I love a good horror, but anything with a good storyline will keep my attention. Especially if paired with plenty of snacks and preferably my husband!

Bring me or Bake me Cake

Ideally something despicably gooey and involving chocolate. But, again I’m not fussy. Cake is cake (said no-one ever) Good cake only, please! I have standards! 😉

Listen to me

I don’t just mean let me talk. I mean really listen to me. Even on my batshit crazy days when I’m irrational and emotional, knowing I have someone to listen and care without judgement means the world.

Cook with me

I LOVE cooking, but not on my own. I love to chat and sip wine/coffee/fizzy water as we cook up a feast together.

Let me love you back

As socially awkward as I am, I love deeply. Especially my husband and children, they are my world and I’d go to the ends of the Earth for them. Likewise, if I’m your friend, I’ll be your friend for life. You just got to learn to love the crazy first! 
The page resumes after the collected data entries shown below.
Lemma ind_cvg_scale (c : R[i]) {u X} : ind_cvg u X ->
  ind_cvg (fun k => c *: u k) (c *: X).
Proof.
move=> [bu uX]; split; first exact: n0_bounded_scale.
have -> : j \o (fun k => c *: u k) = c \*: (j \o u).
  by apply: funext => k; exact: (cq_j_scale HQ).
exact: cvgZl_tmp.
Qed.

Lemma ind_cvg_st {u X} : ind_cvg u X -> ind_cvg (fun k => st (u k)) (stA X).
Proof.
move=> [bu uX]; split; first exact: n0_bounded_st.
have -> : j \o (fun k => st (u k)) = stA \o (j \o u).
  by apply: funext => k; rewrite /= (cq_stA_ext HQ).
exact: (continuous_cvg _ (@cq_stA_cont _ _ _ _ _ _ _ HQ X) uX).
Qed.

Lemma image_j_sub_A1 : j @` setT `<=` A1.
Proof.
by move=> _ [a _ <-]; rewrite -in_setE; exact: ind_cvg_mem_A1 (ind_cvg_cst a).
Qed.

Lemma A1_bigcup_closure : A1 = \bigcup_(N in [set: nat]) closure (j @` A0N n0 N).
Proof.
apply/seteqP; split=> X.
  rewrite -in_setE => /A1P [u [[N uN] uX]]; exists N => //.
  apply: (closed_cvg _ (@closed_closure _ (j @` A0N n0 N)) _ X uX).
  by apply: nearW => k; apply: subset_closure; exists (u k).
move=> [N _ /closure_image_cvg [u [uN uX]]]; rewrite -in_setE.
by apply: (ind_cvg_mem_A1 (u := u)); split => //; exists N.
Qed.

Lemma j_mul_cvg {N u v} {X Y : A} : boundedN n0 N u -> boundedN n0 N v ->
  (j \o u) @ \oo --> X -> (j \o v) @ \oo --> Y ->
  [cvg (fun k => j (u k * v k)) @ \oo in A].
Proof.
move=> uN vN uX vY; apply/cauchy_cvgP.
apply: (cauchy_le_sum (cvg_sum_dist0 N%:R uX (cvg_cst _) vY (cvg_cst _))) => p q.
apply: le_trans (norm_j_mulB_le _ _ _ _ _ (vN p) (uN q)) _.
rewrite -mulrDr ler_wpM2l //= addrACA.
by apply: lerD; rewrite [Z in _ <= _ + Z]distrC; exact: ler_distD.
Qed.

Lemma is_product_unique (X Y : A) : is_subset1 [set Z | is_product n0 j X Y Z].
Proof.
move=> Z Z' [N [u [v [uN [vN [uX [vY uvZ]]]]]]].
move=> [N' [u' [v' [uN' [vN' [uX' [vY' uvZ']]]]]]].
apply/eqP; rewrite -subr_eq0; apply/eqP; apply: (norm_cvg_unique (cvgB uvZ uvZ')).
apply: (norm_le_cvg0 (cvg_sum_dist0 (maxn N N')%:R uX uX' vY vY')).
apply: nearW => k; apply: norm_j_mulB_le.
  exact: (boundedN_le (leq_maxl N N') vN k).
exact: (boundedN_le (leq_maxr N N') uN' k).
Qed.

Lemma A1mul_cvg {N u v} {X Y : A} : boundedN n0 N u -> boundedN n0 N v ->
  (j \o u) @ \oo --> X -> (j \o v) @ \oo --> Y ->
  (fun k => j (u k * v k)) @ \oo --> mul X Y.
Proof.
move=> uN vN uX vY; have /cvg_ex [Z uvZ] := j_mul_cvg uN vN uX vY.
have uvP : is_product n0 j X Y Z by exists N, u, v.
by rewrite /A1mul (xget_subset1 _ uvP (is_product_unique X Y)).
Qed.

Lemma ind_cvg_mul {u v X Y} : ind_cvg u X -> ind_cvg v Y ->
  ind_cvg (fun k => u k * v k) (mul X Y).
Proof.
move=> [bu uX] [bv vY]; have [N [uN vN]] := n0_bounded2 bu bv.
by split; [exact: n0_bounded_mul|exact: A1mul_cvg uN vN uX vY].
Qed.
Let me support you. Even if I’m struggling, please don’t feel like you have to hide your own problems from me. If I can help, I will, and if I can’t…I’ll be there, always.

Buy me stationery

…Or birdie things. I know I said I’m not materialistic but I’ll make an exception here! I love notebooks and journals, lovely pens and birds. Not actual real-life birds, I’m not the pigeon lady! (I totally would be, if I could though! 😂) but prints, pictures… that sort of thing, will take me to my happy place.

Bring me tea

Tea makes the world go round. I have been known as a walking teapot, and I’d say that that is a fairly good description!  Just don’t bring me matcha tea or anything else remotely green. YUK!

Do stuff with me

I don’t mean that kind of stuff 🙄 Minds out of the gutter please! 😉 Unless you’re my hubby then it’s ok! 😝 Anyway, I mean absolutely anything. It doesn’t have to cost any money or involve travelling, just doing the housework with me or running errands with me will make me feel content. I am a homebody but I will go anywhere to spend time with my favourites.

Text me

I don’t think a lot of people understand the power of a simple text. As someone with anxiety, radio silence of any kind allows my brain to kick into overdrive and the negative or irrational thoughts start flooding in. Just a few words by text can change that in an instant as it makes you realise that someone is thinking about you at that very moment. As silly as it sounds, it fills me with instant warmth, and I feel cared for.

Just be there

Knowing you support me, and you have my back means the world. Having you there with me physically too is everything.